**WORK REQUIRED:** From the listing below, set down exactly the lines between the one holding "Lemma sym_laurents_subring_closed : subring_closed" and the one holding "move=> sigma; transitivity", inclusive. No other line is wanted.

■ ■ ■ ■ ■

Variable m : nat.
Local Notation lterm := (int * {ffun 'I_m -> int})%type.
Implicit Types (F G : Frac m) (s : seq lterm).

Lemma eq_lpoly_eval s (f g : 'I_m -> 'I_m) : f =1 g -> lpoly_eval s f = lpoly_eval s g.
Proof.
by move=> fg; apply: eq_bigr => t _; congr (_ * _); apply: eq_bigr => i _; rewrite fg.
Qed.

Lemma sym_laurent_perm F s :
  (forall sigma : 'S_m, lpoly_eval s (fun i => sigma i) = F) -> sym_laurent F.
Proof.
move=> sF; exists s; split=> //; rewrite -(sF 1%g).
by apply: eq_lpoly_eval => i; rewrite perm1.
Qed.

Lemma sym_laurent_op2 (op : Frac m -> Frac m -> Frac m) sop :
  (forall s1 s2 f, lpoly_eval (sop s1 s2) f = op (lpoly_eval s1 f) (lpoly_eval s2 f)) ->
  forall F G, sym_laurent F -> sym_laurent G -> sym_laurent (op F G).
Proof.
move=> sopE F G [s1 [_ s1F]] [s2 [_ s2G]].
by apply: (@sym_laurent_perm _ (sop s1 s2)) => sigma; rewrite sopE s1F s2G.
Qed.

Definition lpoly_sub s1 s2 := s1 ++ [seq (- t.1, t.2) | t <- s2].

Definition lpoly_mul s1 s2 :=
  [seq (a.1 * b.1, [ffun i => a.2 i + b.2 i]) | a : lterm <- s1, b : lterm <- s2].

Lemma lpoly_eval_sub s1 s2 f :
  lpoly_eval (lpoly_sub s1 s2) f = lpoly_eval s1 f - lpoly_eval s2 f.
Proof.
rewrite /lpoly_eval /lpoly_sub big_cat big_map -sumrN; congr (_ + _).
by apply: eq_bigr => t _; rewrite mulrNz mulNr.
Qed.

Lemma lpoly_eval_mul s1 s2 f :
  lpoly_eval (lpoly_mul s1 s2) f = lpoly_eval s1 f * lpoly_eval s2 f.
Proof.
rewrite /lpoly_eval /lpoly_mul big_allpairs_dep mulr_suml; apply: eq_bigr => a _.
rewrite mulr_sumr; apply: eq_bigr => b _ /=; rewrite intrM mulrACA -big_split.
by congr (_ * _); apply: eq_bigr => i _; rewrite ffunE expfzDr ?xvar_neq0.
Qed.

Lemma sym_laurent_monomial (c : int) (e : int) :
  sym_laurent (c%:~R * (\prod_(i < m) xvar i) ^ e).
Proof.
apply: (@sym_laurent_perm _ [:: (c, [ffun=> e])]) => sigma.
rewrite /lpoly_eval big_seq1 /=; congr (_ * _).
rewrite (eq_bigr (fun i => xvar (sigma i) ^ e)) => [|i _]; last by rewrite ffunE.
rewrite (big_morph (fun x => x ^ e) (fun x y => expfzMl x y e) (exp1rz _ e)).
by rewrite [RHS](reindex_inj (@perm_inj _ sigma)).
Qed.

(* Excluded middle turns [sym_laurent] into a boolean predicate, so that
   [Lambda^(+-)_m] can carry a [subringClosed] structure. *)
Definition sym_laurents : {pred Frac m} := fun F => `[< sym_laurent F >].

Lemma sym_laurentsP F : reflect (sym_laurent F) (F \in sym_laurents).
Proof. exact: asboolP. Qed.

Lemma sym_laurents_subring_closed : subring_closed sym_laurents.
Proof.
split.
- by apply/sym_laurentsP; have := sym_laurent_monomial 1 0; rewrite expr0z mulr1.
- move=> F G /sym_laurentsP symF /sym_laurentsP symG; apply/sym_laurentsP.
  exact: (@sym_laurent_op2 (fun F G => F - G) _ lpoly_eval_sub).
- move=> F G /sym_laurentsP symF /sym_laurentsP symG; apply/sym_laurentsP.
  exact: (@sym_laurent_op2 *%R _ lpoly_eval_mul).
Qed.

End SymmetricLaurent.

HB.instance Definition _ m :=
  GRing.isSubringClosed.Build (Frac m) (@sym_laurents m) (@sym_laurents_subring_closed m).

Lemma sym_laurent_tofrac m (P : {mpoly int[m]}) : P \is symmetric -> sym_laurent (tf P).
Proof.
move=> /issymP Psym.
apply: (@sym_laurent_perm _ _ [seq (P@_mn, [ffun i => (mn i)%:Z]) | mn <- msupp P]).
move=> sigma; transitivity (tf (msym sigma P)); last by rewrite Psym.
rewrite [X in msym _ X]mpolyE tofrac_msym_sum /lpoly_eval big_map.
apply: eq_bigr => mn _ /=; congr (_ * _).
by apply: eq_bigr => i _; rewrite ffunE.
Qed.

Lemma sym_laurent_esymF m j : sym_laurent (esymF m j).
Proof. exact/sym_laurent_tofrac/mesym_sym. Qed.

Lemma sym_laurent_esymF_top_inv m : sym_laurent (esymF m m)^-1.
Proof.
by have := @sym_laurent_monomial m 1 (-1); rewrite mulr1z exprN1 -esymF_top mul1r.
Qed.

■ ■ ■ ■ ■

**SOLVED PROBLEM:**
Lemma sym_laurents_subring_closed : subring_closed sym_laurents.
Proof.
split.
- by apply/sym_laurentsP; have := sym_laurent_monomial 1 0; rewrite expr0z mulr1.
- move=> F G /sym_laurentsP symF /sym_laurentsP symG; apply/sym_laurentsP.
  exact: (@sym_laurent_op2 (fun F G => F - G) _ lpoly_eval_sub).
- move=> F G /sym_laurentsP symF /sym_laurentsP symG; apply/sym_laurentsP.
  exact: (@sym_laurent_op2 *%R _ lpoly_eval_mul).
Qed.

End SymmetricLaurent.

HB.instance Definition _ m :=
  GRing.isSubringClosed.Build (Frac m) (@sym_laurents m) (@sym_laurents_subring_closed m).

Lemma sym_laurent_tofrac m (P : {mpoly int[m]}) : P \is symmetric -> sym_laurent (tf P).
Proof.
move=> /issymP Psym.
apply: (@sym_laurent_perm _ _ [seq (P@_mn, [ffun i => (mn i)%:Z]) | mn <- msupp P]).
move=> sigma; transitivity (tf (msym sigma P)); last by rewrite Psym.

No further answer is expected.